(Excerpts from a dataset)

(* Let $p$ be a prime and $m\geq 2$ an integer. For real $x$ let $\omega=\frac{x+\sqrt{x^2+4}}{2}$, and let $i=\sqrt{-1}$. (a) If $p=2$ and $2\mid m$, then $\Psi_{2m}(x)=-i^{\varphi(m)}\Psi_m\!\left(i\omega^2-(i\omega^2)^{-1}\right)=-i^{\varphi(m)}\Psi_m(i(x^2+2))$ when $m=2$, and $\Psi_{2m}(x)=i^{\varphi(m)}\Psi_m\!\left(i\omega^2-(i\omega^2)^{-1}\right)=i^{\varphi(m)}\Psi_m(i(x^2+2))$ when $m\geq3$. (b) If $p=2$ and $2\nmid m$, then $\Psi_{2m}(x)=i^{\varphi(m)}\Psi_m\!\left(i\omega-(i\omega)^{-1}\right)=i^{\varphi(m)}\Psi_m\!\left(i\sqrt{x^2+4}\right)$. (c) If $p>2$ and $p\mid m$, then $\Psi_{pm}(x)=\Psi_m(\omega^p-\omega^{-p})=\Psi_m(x\Psi_{2p}(x))$. (d) If $p>2$ and $p\nmid m$, then $\Psi_{pm}(x)=\dfrac{\Psi_m(\omega^p-\omega^{-p})}{\Psi_m(\omega-\omega^{-1})}=\dfrac{\Psi_m(x\Psi_{2p}(x))}{\Psi_m(x)}$.
   Context: The Fibonacci polynomials are defined by $F_1(x)=1$, $F_2(x)=x$, and $F_n(x)=xF_{n-1}(x)+F_{n-2}(x)$ for $n\geq 3$. For $n\geq 2$, the $n$-th fibotomic polynomial $\Psi_n(x)\in\mathbb{Z}[x]$ is the product of the monic irreducible factors of $F_n(x)$ which are not factors of $F_k(x)$ for any $k<n$; also $\Psi_1(x)=1$. Thus $F_n(x)=\prod_{d\mid n}\Psi_d(x)$ for all $n\geq1$. $\varphi$ is Euler's totient function. *)

From mathcomp Require Import all_boot all_order all_algebra all_field.
Set Implicit Arguments. Unset Strict Implicit. Unset Printing Implicit Defensive.
Import Order.TTheory GRing.Theory Num.Theory.
Local Open Scope ring_scope.

Fixpoint fibpair (n : nat) : {poly algC} * {poly algC} :=
  match n with
  | 0%N => (0, 1)
  | k.+1 => let '(a, b) := fibpair k in (b, 'X * b + a)
  end.

Definition fibpoly (n : nat) : {poly algC} := (fibpair n).1.

(* A list of all complex roots of F_n (with multiplicity), from the
   factorisation F_n = lead_coef F_n * prod (X - z) over algC. *)
Definition fibroots (n : nat) : seq algC :=
  sval (closed_field_poly_normal (fibpoly n)).

(* Over algC this is the
   product of the (distinct) monic irreducible factors of F_n in Z[x] which do
   not divide any F_k, k < n. *)
Definition fibotomic (n : nat) : {poly algC} :=
  if n == 1%N then 1 else
  \prod_(z <- undup (fibroots n) | all (fun k => ~~ root (fibpoly k) z) (iota 1 n.-1))
     ('X - z%:P).

(* Substituting x = t - t^-1 gives F_n(x) (t + t^-1) = t^n - (-t^-1)^n, so the
   roots of Psi_n are the t - t^-1 with -t^2 a primitive n-th root of unity,
   each value being reached by exactly two t.  Counting these t gives
     Psi_n(t - t^-1) (-t)^phi(n) = Phi_n(-t^2),
   with Phi_n the n-th cyclotomic polynomial, and the four formulas become the
   classical identities Phi_pm(y) = Phi_m(y^p) for p | m,
   Phi_pm(y) Phi_m(y) = Phi_m(y^p) for p not dividing m,
   Phi_2m(y) = (-1)^phi(m) Phi_m(-y) for odd m and (y - 1) Phi_p(y) = y^p - 1,
   read at t = omega, for which t - t^-1 = x. *)

From mathcomp Require Import all_boot all_order all_algebra all_field.
From mathcomp Require Import ring.
Set Implicit Arguments. Unset Strict Implicit. Unset Printing Implicit Defensive.
Import Order.TTheory GRing.Theory Num.Theory.
Local Open Scope ring_scope.

Lemma prodrMl_seq (R : comNzRingType) (I : Type) (s : seq I) (F : I -> R) c :
  \prod_(i <- s) (c * F i) = c ^+ size s * \prod_(i <- s) F i.
Proof. by elim: s => [|a s IH]; rewrite ?big_nil ?mulr1 // !big_cons IH exprS; ring. Qed.

Lemma size_flatten_map_const (T : eqType) (U : Type) (f : T -> seq U) (s : seq T) k :
  {in s, forall v, size (f v) = k} -> size (flatten (map f s)) = (k * size s)%N.
Proof.
elim: s => [|v s IH] fk /=; first by rewrite muln0.
by rewrite size_cat fk ?mem_head // IH ?mulnS // => u us; rewrite fk // inE us orbT.
Qed.

Lemma flatten_fibres (T U : eqType) (s : seq T) (f : T -> seq U) (h : U -> T) (P : pred U) :
  uniq s -> {in s, forall v, uniq (f v)} ->
  {in s, forall v w, (w \in f v) = P w && (h w == v)} ->
  uniq (flatten (map f s)) /\ (forall w, (w \in flatten (map f s)) = P w && (h w \in s)).
Proof.
elim: s => [|v s IH] /=; first by split => // w; rewrite andbF.
move=> /andP[vs us] uf mf.
have [IHu IHm] : uniq (flatten (map f s)) /\
    (forall w, (w \in flatten (map f s)) = P w && (h w \in s)).
  by apply: IH => // u us'; [apply: uf | apply: mf]; rewrite inE us' orbT.
split => [|w]; last by rewrite mem_cat IHm mf ?mem_head // inE -andb_orr.
rewrite cat_uniq IHu uf ?mem_head // andbT /=.
apply/hasPn => w; rewrite IHm mf ?mem_head // => /andP[_ hs].
by apply/negP => /andP[_ /eqP hv]; rewrite -hv hs in vs.
Qed.

Lemma exprN_odd (R : pzRingType) (x : R) n : odd n -> (- x) ^+ n = - x ^+ n.
Proof. by move=> on; rewrite exprNn -signr_odd on mulN1r. Qed.

(** * Primitive roots of unity and Euler's totient *)

Section PrimitiveRoots.
Variable R : idomainType.
Implicit Types (u w : R) (p m n : nat).

Lemma eq_prim_root_order m n u : m.-primitive_root u -> n.-primitive_root u -> m = n.
Proof.
move=> pm pn; apply/eqP; rewrite eqn_dvd (prim_order_dvd pm) (prim_order_dvd pn).
by rewrite (prim_expr_order pm) (prim_expr_order pn) !eqxx.
Qed.

Lemma prim_root1 n : n.-primitive_root (1 : R) -> n = 1%N.
Proof.
move=> pn; apply: (eq_prim_root_order pn); apply/andP; split => //.
by apply/forallP => -[[|i] //= _]; rewrite unity_rootE expr1n eqxx.
Qed.

Lemma prim_root_expr_prime p m w : prime p -> (0 < m)%N ->
  m.-primitive_root (w ^+ p)
    = (p * m)%N.-primitive_root w || ~~ (p %| m)%N && m.-primitive_root w.
Proof.
move=> pp m0; have p0 := prime_gt0 pp; apply/idP/orP => [pw | [pw | /andP[pm pw]]].
- have pm0 : (0 < p * m)%N by rewrite muln_gt0 p0.
  have wpm : w ^+ (p * m) = 1 by rewrite exprM (prim_expr_order pw).
  have [d pd _] := prim_order_exists pm0 wpm.
  have /(eq_prim_root_order pw) md := exp_prim_root pd p.
  have [pd' | npd] := boolP (p %| d)%N.
    by left; rewrite md (gcdn_idPl pd') mulnC divnK.
  have /eqnP gpd : coprime p d by rewrite prime_coprime.
  move: md; rewrite gpd divn1 => md.
  by right; rewrite md npd.
- have := exp_prim_root pw p.
  by rewrite (gcdn_idPl (dvdn_mulr m (dvdnn p))) mulKn.
- have /eqnP gpm : coprime p m by rewrite prime_coprime.
  by have := exp_prim_root pw p; rewrite gpm divn1.
Qed.

Lemma prim_root_expr_dvd p m w : prime p -> (0 < m)%N -> (p %| m)%N ->
  m.-primitive_root (w ^+ p) = (p * m)%N.-primitive_root w.
Proof. by move=> pp m0 pm; rewrite prim_root_expr_prime // pm orbF. Qed.

Lemma prim_root_expr_ndvd p m w : prime p -> (0 < m)%N -> ~~ (p %| m)%N ->
  m.-primitive_root (w ^+ p) = (p * m)%N.-primitive_root w || m.-primitive_root w.
Proof. by move=> pp m0 pm; rewrite prim_root_expr_prime // pm. Qed.

Lemma expr_prime_eq1 p w : prime p -> (w ^+ p == 1) = (w == 1) || p.-primitive_root w.
Proof.
move=> pp; apply/idP/orP => [/eqP wp1 | [/eqP -> | pw]]; last 2 first.
- by rewrite expr1n.
- by rewrite (prim_expr_order pw).
have [d pd /(primeP pp).2/orP[] /eqP dE] := prim_order_exists (prime_gt0 pp) wp1.
  by left; move: (prim_expr_order pd); rewrite dE expr1 => ->.
by right; rewrite -dE.
Qed.

End PrimitiveRoots.

Lemma prim_rootN_odd (R : numDomainType) m (u : R) : odd m ->
  (2 * m)%N.-primitive_root u = m.-primitive_root (- u).
Proof.
move=> om; have m0 : (0 < m)%N by case: m om.
have m2 : ~~ (2 %| m)%N by rewrite dvdn2 om.
have not_prim (v : R) : v ^+ m = 1 -> ~~ (2 * m)%N.-primitive_root v.
  move=> vm1; apply/negP => pv; move: (prim_order_dvd pv m).
  by rewrite vm1 eqxx -{2}(mul1n m) dvdn_pmul2r.
apply/idP/idP => pu.
  have um : u ^+ m = -1.
    have : (u ^+ m) ^+ 2 == 1 by rewrite -exprM mulnC (prim_expr_order pu).
    by rewrite sqrf_eq1 => /orP[/eqP /not_prim | /eqP //]; rewrite pu.
  have : m.-primitive_root ((- u) ^+ 2) by rewrite sqrrN prim_root_expr_ndvd // pu.
  rewrite prim_root_expr_ndvd // => /orP[pNu | //].
  have Num1 : (- u) ^+ m = 1 by rewrite exprN_odd // um opprK.
  by move: (not_prim (- u) Num1); rewrite pNu.
have : m.-primitive_root (u ^+ 2) by rewrite -sqrrN prim_root_expr_ndvd // pu orbT.
rewrite prim_root_expr_ndvd // => /orP[// | pu2].
have := prim_expr_order pu; rewrite exprN_odd // (prim_expr_order pu2) => /eqP.
by rewrite eq_sym -addr_eq0 -mulr2n pnatr_eq0.
Qed.

Lemma totient_double_odd m : odd m -> totient (2 * m) = totient m.
Proof. by move=> om; rewrite totient_coprime ?coprime2n // (totient_prime (isT : prime 2)) mul1n. Qed.

Section TotientEven.
Local Open Scope nat_scope.

Lemma totient_even_odd_prime m q : 0 < m -> prime q -> odd q -> q %| m -> ~~ odd (totient m).
Proof.
move=> m0 pq oq qm; have qP : q \in primes m by rewrite mem_primes pq m0 qm.
rewrite totientE // (big_rem _ qP) /= !oddM.
by case: q oq {pq qm qP} => //= q /negPf ->.
Qed.

Lemma totient_even_4 m : 0 < m -> 4 %| m -> ~~ odd (totient m).
Proof.
move=> m0 m4; have qP : 2 \in primes m by rewrite mem_primes m0 (dvdn_trans _ m4).
have : 2 <= logn 2 m by rewrite -pfactor_dvdn.
rewrite totientE // (big_rem _ qP) /= !oddM oddX.
by case: (logn 2 m) => [|[|l]].
Qed.

Lemma totient_even m : 2 < m -> ~~ odd (totient m).
Proof.
move=> m2; have m0 : 0 < m by apply: leq_trans m2.
have odd_pdiv h : 1 < h -> odd h -> odd (pdiv h).
  move=> h1 oh; apply: contraTT oh; rewrite -!dvdn2 => /dvdn_trans; apply.
  exact: pdiv_dvd.
have [om | em] := boolP (odd m).
  exact: totient_even_odd_prime m0 (pdiv_prime (ltnW m2)) (odd_pdiv _ (ltnW m2) om) (pdiv_dvd m).
have [m4 | m4] := boolP (4 %| m); first exact: totient_even_4.
have mh : m = (m %/ 2) * 2 by rewrite divnK // dvdn2.
have oh : odd (m %/ 2).
  by apply: contraNT m4; rewrite -dvdn2 => h2; rewrite mh; apply: (dvdn_mul h2 (dvdnn 2)).
have h1 : 1 < m %/ 2.
  by rewrite leq_divRL // ltn_neqAle m2 andbT; apply: contra em => /eqP <-.
apply: (totient_even_odd_prime m0 (pdiv_prime h1) (odd_pdiv _ h1 oh)).
by apply: dvdn_trans (pdiv_dvd _) _; rewrite {2}mh dvdn_mulr.
Qed.

End TotientEven.

Lemma exprNi_totient n : (2 < n)%N -> (- 'i) ^+ totient n = 'i ^+ totient n :> algC.
Proof. by move/totient_even => en; rewrite exprNn -signr_odd (negPf en) mul1r. Qed.

(** * Cyclotomic polynomials over algC *)

Definition zeta (n : nat) : algC := sval (C_prim_root_exists (ltn0Sn n.-1)).

Lemma zetaP n : (0 < n)%N -> n.-primitive_root (zeta n).
Proof. by move=> n0; rewrite /zeta; case: C_prim_root_exists => z; rewrite prednK. Qed.

Definition prim_roots (n : nat) : seq algC :=
  [seq zeta n ^+ k | k <- iota 0 n & coprime k n].

Lemma mem_prim_roots n u : (0 < n)%N -> (u \in prim_roots n) = n.-primitive_root u.
Proof.
move=> n0; have z := zetaP n0; apply/mapP/idP => [[k] | pu].
  by rewrite mem_filter => /andP[ck _] ->; rewrite prim_root_exp_coprime.
have [i ui] := prim_rootP z (prim_expr_order pu); exists (nat_of_ord i) => //.
by rewrite mem_filter mem_iota ltn_ord -(prim_root_exp_coprime _ z) -ui pu.
Qed.

Lemma uniq_prim_roots n : uniq (prim_roots n).
Proof.
case: n => [|n] //; have z := zetaP (ltn0Sn n).
rewrite map_inj_in_uniq ?filter_uniq ?iota_uniq // => i j.
rewrite !mem_filter !mem_iota /= => /andP[_ lti] /andP[_ ltj] /eqP.
by rewrite (eq_prim_root_expr z) !modn_small // => /eqP.
Qed.

Lemma size_prim_roots n : size (prim_roots n) = totient n.
Proof.
rewrite size_map size_filter totient_count_coprime -sum1_count big_mkcond /=.
by rewrite /index_iota subn0; apply: eq_bigr => i _; rewrite coprime_sym; case: coprime.
Qed.

Lemma prim_roots_neq0 n u : u \in prim_roots n -> u != 0.
Proof.
case: n => [|n]; first by [].
by rewrite mem_prim_roots // => /prim_root_eq0 ->.
Qed.

Definition cyclo (n : nat) (y : algC) : algC := \prod_(u <- prim_roots n) (y - u).

Definition nth_roots (n : nat) (v : algC) : seq algC :=
  [seq n.-root v * zeta n ^+ k | k <- iota 0 n].

Lemma size_nth_roots n v : size (nth_roots n v) = n.
Proof. by rewrite size_map size_iota. Qed.

Section NthRoots.
Variables (n : nat) (v : algC).
Hypotheses (n0 : (0 < n)%N) (v0 : v != 0).
Let z := zetaP n0.
Let r := n.-root v.
Let rn : r ^+ n = v. Proof. exact: rootCK. Qed.
Let r0 : r != 0. Proof. by apply: contraNneq v0 => r0; rewrite -rn r0 expr0n gtn_eqF. Qed.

→ **Exercise details**
Exact copies of the lines from the one containing "move=> n0; have" through the final line of the records are all the answer should hold.

→ **Answer space**
move=> n0; have z := zetaP n0; apply/mapP/idP => [[k] | pu].
  by rewrite mem_filter => /andP[ck _] ->; rewrite prim_root_exp_coprime.
have [i ui] := prim_rootP z (prim_expr_order pu); exists (nat_of_ord i) => //.
by rewrite mem_filter mem_iota ltn_ord -(prim_root_exp_coprime _ z) -ui pu.
Qed.

Lemma uniq_prim_roots n : uniq (prim_roots n).
Proof.
case: n => [|n] //; have z := zetaP (ltn0Sn n).
rewrite map_inj_in_uniq ?filter_uniq ?iota_uniq // => i j.
rewrite !mem_filter !mem_iota /= => /andP[_ lti] /andP[_ ltj] /eqP.
by rewrite (eq_prim_root_expr z) !modn_small // => /eqP.
Qed.

Lemma size_prim_roots n : size (prim_roots n) = totient n.
Proof.
rewrite size_map size_filter totient_count_coprime -sum1_count big_mkcond /=.
by rewrite /index_iota subn0; apply: eq_bigr => i _; rewrite coprime_sym; case: coprime.
Qed.

Lemma prim_roots_neq0 n u : u \in prim_roots n -> u != 0.
Proof.
case: n => [|n]; first by [].
by rewrite mem_prim_roots // => /prim_root_eq0 ->.
Qed.

Definition cyclo (n : nat) (y : algC) : algC := \prod_(u <- prim_roots n) (y - u).

Definition nth_roots (n : nat) (v : algC) : seq algC :=
  [seq n.-root v * zeta n ^+ k | k <- iota 0 n].

Lemma size_nth_roots n v : size (nth_roots n v) = n.
Proof. by rewrite size_map size_iota. Qed.

Section NthRoots.
Variables (n : nat) (v : algC).
Hypotheses (n0 : (0 < n)%N) (v0 : v != 0).
Let z := zetaP n0.
Let r := n.-root v.
Let rn : r ^+ n = v. Proof. exact: rootCK. Qed.
Let r0 : r != 0. Proof. by apply: contraNneq v0 => r0; rewrite -rn r0 expr0n gtn_eqF. Qed.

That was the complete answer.